The "Continuing Effectiveness and Survival of Representations" clause ensures that the representations and warranties made by the parties in an agreement remain valid and enforceable even after the contract has been executed or, in some cases, after it has been terminated. Typically, this clause specifies which representations survive closing and for how long, such as surviving for a set period post-closing or until certain obligations are fulfilled.
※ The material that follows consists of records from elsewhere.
(* Let $S$ be a training set of examples $(\mathbf{x},y)$ with $\mathbf{x}\in[-1,1]^d$, $y\in\{1,\dots,k\}$, and let $\epsilon>0$, $c>0$, $r\in\mathbb{N}$. Assume there exists $W^\star\in\mathbb{R}^{k\times d}$ with $L(W^\star)\le\epsilon$, all entries of $W^\star$ in $[-c,c]$, and $\|W^\star\|_{\infty,0}=r$. Then ShareBoost, run for $T=\lceil 4r^2c^2/\epsilon\rceil$ iterations, outputs a matrix $W$ with $L(W)\le 2\epsilon$ and $\|W\|_{\infty,0}\le \lceil 4r^2c^2/\epsilon\rceil$.
   Context: For $W\in\mathbb{R}^{k\times d}$, $W_{\cdot,i}$ denotes its $i$-th column and $\|W\|_{\infty,0}=|\{i:\|W_{\cdot,i}\|_\infty>0\}|$. The loss of $W$ on $(\mathbf{x},y)$ is $\ell(W,(\mathbf{x},y))=\ln\sum_{y'\in\{1,\dots,k\}}\exp\big(\mathbf{1}[y'\neq y]-(W\mathbf{x})_y+(W\mathbf{x})_{y'}\big)$, and $L(W)=\frac1{|S|}\sum_{(\mathbf{x},y)\in S}\ell(W,(\mathbf{x},y))$. Write $\nabla_r L(W)\in\mathbb{R}^k$ for the $r$-th column of $\nabla L(W)$. The ShareBoost algorithm: initialize $W=0$, $I=\emptyset$; for $t=1,\dots,T$: choose $r\in\{1,\dots,d\}$ maximizing $\|\nabla_r L(W)\|_1$ (ties broken arbitrarily), set $I\leftarrow I\cup\{r\}$, and set $W\leftarrow\arg\min\{L(V): V_{\cdot,i}=0\text{ for all }i\notin I\}$ (a minimizer is assumed to be attained at every iteration). *)

From Stdlib Require Import Reals List Arith Bool ZArith.
Import ListNotations.
Open Scope R_scope.

(* A k x d real matrix is a function row -> column -> R; only entries with
   row < k and column < d are meaningful.  Indices are 0-based:
   rows (labels) 0..k-1, columns (features) 0..d-1. *)
Definition mat := nat -> nat -> R.
Definition vec := nat -> R.
Definition example := (vec * nat)%type.

Definition sumR (n : nat) (f : nat -> R) : R :=
  fold_right Rplus 0 (map f (seq 0 n)).

Definition matvec (d : nat) (W : mat) (x : vec) (j : nat) : R :=
  sumR d (fun i => W j i * x i).

Definition indic_neq (a b : nat) : R := if Nat.eqb a b then 0 else 1.

Definition loss (k d : nat) (W : mat) (e : example) : R :=
  let (x, y) := e in
  ln (sumR k (fun y' =>
        exp (indic_neq y' y - matvec d W x y + matvec d W x y'))).

Definition Lrisk (k d : nat) (S : list example) (W : mat) : R :=
  / INR (length S) * fold_right Rplus 0 (map (loss k d W) S).

Definition col_nonzero (k : nat) (W : mat) (i : nat) : bool :=
  existsb (fun j => if Req_EM_T (W j i) 0 then false else true) (seq 0 k).

Definition norm_inf0 (k d : nat) (W : mat) : nat :=
  length (filter (col_nonzero k W) (seq 0 d)).

Definition perturb (W : mat) (j i : nat) (t : R) : mat :=
  fun a b => W a b + (if Nat.eqb a j && Nat.eqb b i then t else 0).

Definition is_gradient (k d : nat) (F : mat -> R) (W : mat) (G : mat) : Prop :=
  forall j i, (j < k)%nat -> (i < d)%nat ->
    derivable_pt_lim (fun t => F (perturb W j i t)) 0 (G j i).

Definition col_l1 (k : nat) (G : mat) (r : nat) : R :=
  sumR k (fun j => Rabs (G j r)).

Definition in_I (rs : nat -> nat) (t i : nat) : Prop :=
  exists s, (1 <= s)%nat /\ (s <= t)%nat /\ rs s = i.

Definition supported_on (rs : nat -> nat) (t : nat) (V : mat) : Prop :=
  forall j i, ~ in_I rs t i -> V j i = 0.

(* A run of ShareBoost for T iterations: Ws t is W after iteration t
   (Ws 0 = 0), rs t is the column chosen at iteration t (ties arbitrary,
   any minimizer allowed). *)
Definition shareboost_run (k d : nat) (S : list example) (T : nat)
    (Ws : nat -> mat) (rs : nat -> nat) : Prop :=
  (forall j i, Ws 0%nat j i = 0) /\
  forall t, (1 <= t)%nat -> (t <= T)%nat ->
    (rs t < d)%nat /\
    (exists G, is_gradient k d (Lrisk k d S) (Ws (t - 1)%nat) G /\
       forall r', (r' < d)%nat -> col_l1 k G r' <= col_l1 k G (rs t)) /\
    supported_on rs t (Ws t) /\
    (forall V, supported_on rs t V -> Lrisk k d S (Ws t) <= Lrisk k d S V).

(* ceiling of a real, as a natural number (for nonnegative arguments) *)
Definition ceil_nat (x : R) : nat := Z.to_nat (- Int_part (- x)).

From Stdlib Require Import Reals List Bool ZArith Lra Lia Psatz FunctionalExtensionality Classical.
From Coquelicot Require Import Coquelicot.
Open Scope R_scope.

(* The risk L is a mean of log-sum-exp functions of linear maps of W, so
   along any line W + s D it is convex, and along a direction supported on
   a single column with entries in [-1, 1] it is 1-smooth:
   L(W + s D) <= L(W) + s L'(W; D) + s^2 for s in [0, 1].  Directional
   derivatives are inner products with the gradient.  Consequently:
   - a minimizer over the columns I_t has zero gradient on I_t;
   - opening the greedy column and moving against the gradient signs
     decreases the risk by M^2/4, where M is the l1-norm of that column;
   - by convexity, L(W_t) - L(Wstar) <= r c M, since the gradient vanishes
     wherever W_t is nonzero and M is the largest column l1-norm.
   The resulting recursion delta_{t+1} <= delta_t - delta_t^2 / (4 r^2 c^2)
   gives delta_T <= 4 r^2 c^2 / T <= eps, while W_T uses only the T chosen
   columns. *)

Lemma ln_le_sub1 x : 0 < x -> ln x <= x - 1.
Proof. intros Hx. pose proof (exp_ineq1_le (ln x)). rewrite exp_ln in H; lra. Qed.

Lemma ln_le_compat x y : 0 < x -> x <= y -> ln x <= ln y.
Proof.
  intros Hx [Hlt|<-]; [left; apply ln_increasing; lra | lra].
Qed.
Its core practical function is to protect parties by allowing them to seek remedies for breaches of representations that are discovered after the main transaction has concluded, thereby allocating risk and providing ongoing assurance.
Continuing Effectiveness and Survival of Representations. All representations and warranties contained in any documents furnished to Agent and/or Lenders by or on behalf of Borrower, as part of or in support of the Loan application or pursuant to this Agreement or any of the other Loan Documents shall be deemed to be incorporated by reference in each requisition for Advance by Borrower, and each Draw Request submitted to Agent as provided in Section 2.10.1 hereof shall constitute an affirmation that the representations and warranties contained in Article III of this Agreement and in the other Loan Documents remain true and correct in all material respects as of the date of such Draw Request unless Borrower specifically notifies Agent of any change therein; and unless Agent is notified to the contrary, in writing, prior to the disbursement of the requested Advance or any portion thereof; shall constitute an affirmation that the same remain true and correct in all material respects on the date of such disbursement unless Borrower specifically notifies Agent of any change therein. The representations and warranties set forth in Section 3.1 shall survive for so long as any amount remains payable to Agent and/or Lenders under this Agreement or any of the other Loan Documents.
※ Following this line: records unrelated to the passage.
(* Let $K\subseteq\mathbb{R}^n$ be a proper cone and $A\in\mathbb{R}^{n\times n}$ nonsingular, $b\in\mathbb{R}^n$. Let $A=U-V$ be a convergent $K$-regular splitting and let $U=F-G$ be a convergent $K$-weak regular splitting of type II such that $VF^{-1}G=GF^{-1}V$. Then for any sequence of positive integers $s(k)\geq 1$, $k=0,1,2,\ldots$, and any initial vector $x_0$, the non-stationary two-stage iteration $$x_{k+1}=(F^{-1}G)^{s(k)}x_{k}+\sum_{j=0}^{s(k)-1}(F^{-1}G)^{j}F^{-1}(Vx_{k}+b),\qquad k=0,1,2,\ldots,$$ converges (to $A^{-1}b$).
   Context: A proper cone $K\subseteq\mathbb{R}^n$ is a closed, convex, pointed, solid cone. For $M\in\mathbb{R}^{n\times n}$, $M\geq_K 0$ means $MK\subseteq K$. A splitting $A=U-V$ (with $U$ nonsingular) is $K$-regular if $U^{-1}\geq_K 0$ and $V\geq_K 0$; it is a $K$-weak regular splitting of type II if $U^{-1}\geq_K 0$ and $VU^{-1}\geq_K 0$. A splitting is convergent if $\rho(U^{-1}V)<1$, $\rho$ denoting spectral radius. *)

From HB Require Import structures.
From mathcomp Require Import all_boot all_order all_algebra.
From mathcomp Require Import all_classical all_reals all_analysis.
From mathcomp Require Import complex.

Set Implicit Arguments.
Unset Strict Implicit.
Unset Printing Implicit Defensive.

Import Order.TTheory GRing.Theory Num.Theory numFieldTopology.Exports numFieldNormedType.Exports.
Local Open Scope ring_scope.
Local Open Scope classical_set_scope.

Section Defs.
Variables (R : realType) (n : nat).

Definition is_cone (K : set 'cV[R]_n) : Prop :=
  forall (a : R) (x : 'cV[R]_n), 0 <= a -> K x -> K (a *: x).

Definition is_convex_set (K : set 'cV[R]_n) : Prop :=
  forall (t : R) (x y : 'cV[R]_n), 0 <= t -> t <= 1 -> K x -> K y ->
    K (t *: x + (1 - t) *: y).

Definition is_pointed (K : set 'cV[R]_n) : Prop :=
  forall x : 'cV[R]_n, K x -> K (- x) -> x = 0.

Definition is_solid (K : set 'cV[R]_n) : Prop := (interior K) !=set0.

Definition proper_cone (K : set 'cV[R]_n) : Prop :=
  [/\ is_cone K, closed K, is_convex_set K, is_pointed K & is_solid K].

Definition K_nonneg (K : set 'cV[R]_n) (M : 'M[R]_n) : Prop :=
  forall x : 'cV[R]_n, K x -> K (M *m x).

Definition spectral_radius_lt1 (M : 'M[R]_n) : Prop :=
  forall l : complex R, eigenvalue (map_mx (fun r : R => Complex r 0) M) l -> `|l| < 1.

Definition K_regular_splitting (K : set 'cV[R]_n) (A U V : 'M[R]_n) : Prop :=
  [/\ A = U - V, U \in unitmx, K_nonneg K (invmx U) & K_nonneg K V].

Definition K_weak_regular_splitting_II (K : set 'cV[R]_n) (A U V : 'M[R]_n) : Prop :=
  [/\ A = U - V, U \in unitmx, K_nonneg K (invmx U) & K_nonneg K (V *m invmx U)].

Definition convergent_splitting (U V : 'M[R]_n) : Prop :=
  spectral_radius_lt1 (invmx U *m V).

End Defs.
Continuing Effectiveness and Survival of Representations. All representations and warranties contained in any documents furnished to Agent and/or Lenders by or on behalf of Borrower as part of or in support of the Loan application or pursuant to this Agreement or any of the other Loan Documents shall be deemed continuing and in effect at all times while Borrower remains indebted to Lenders but have only been made by Borrower as of the date hereof and as of the date that the same are required to be re-made pursuant to this Agreement, including, without limitation, as a condition to Advances. The representations and warranties set forth in Section 3.1 shall survive, and any covenants contained in Section 3.1 shall continue, for so long as any amount remains payable to Agent and/or Lenders under this Agreement or any of the other Loan Documents but are only effective as of the date made or re-made.
Continuing Effectiveness and Survival of Representations. All representations and warranties contained in any documents furnished to Lender by or on behalf of Borrower, as part of or in support of the Loan application or pursuant to this Agreement or any of the other Loan Documents (and all representations and warranties contained in any documents furnished to Mortgage Lender by or on behalf of Mortgage Borrower, as part of or in support of the Mortgage Loan application or pursuant to the Mortgage Loan Documents and all representations and warranties contained in any documents furnished to First Mezzanine Lender by or on behalf of First Mezzanine Borrower, as part of or in support of the First Mezzanine Loan application or pursuant to the First Mezzanine Loan Documents) shall be deemed continuing and in effect at all times while Borrower remains indebted to Lender and shall be deemed to be incorporated by reference in each requisition for an Advance by Borrower, and each Draw Request submitted to Lender as provided in Section 2.9.1 hereof shall constitute an affirmation that the representations and warranties contained in Article III of this Agreement and in the other Loan Documents remain true and correct in all material respects as of the date of such Draw Request unless Borrower specifically notifies Lender of any material change therein; and unless Lender is notified to the contrary, in writing, prior to the disbursement of the requested Advance or any portion thereof, shall constitute an affirmation that the same remain true and correct in all material respects on the date of such disbursement unless Borrower specifically notifies Lender of any change therein. The representations and warranties set forth in Section 3.1 shall survive, and any covenants contained in Section 3.1 shall continue, for so long as any amount remains payable to Lender under this Agreement or any of the other Loan Documents.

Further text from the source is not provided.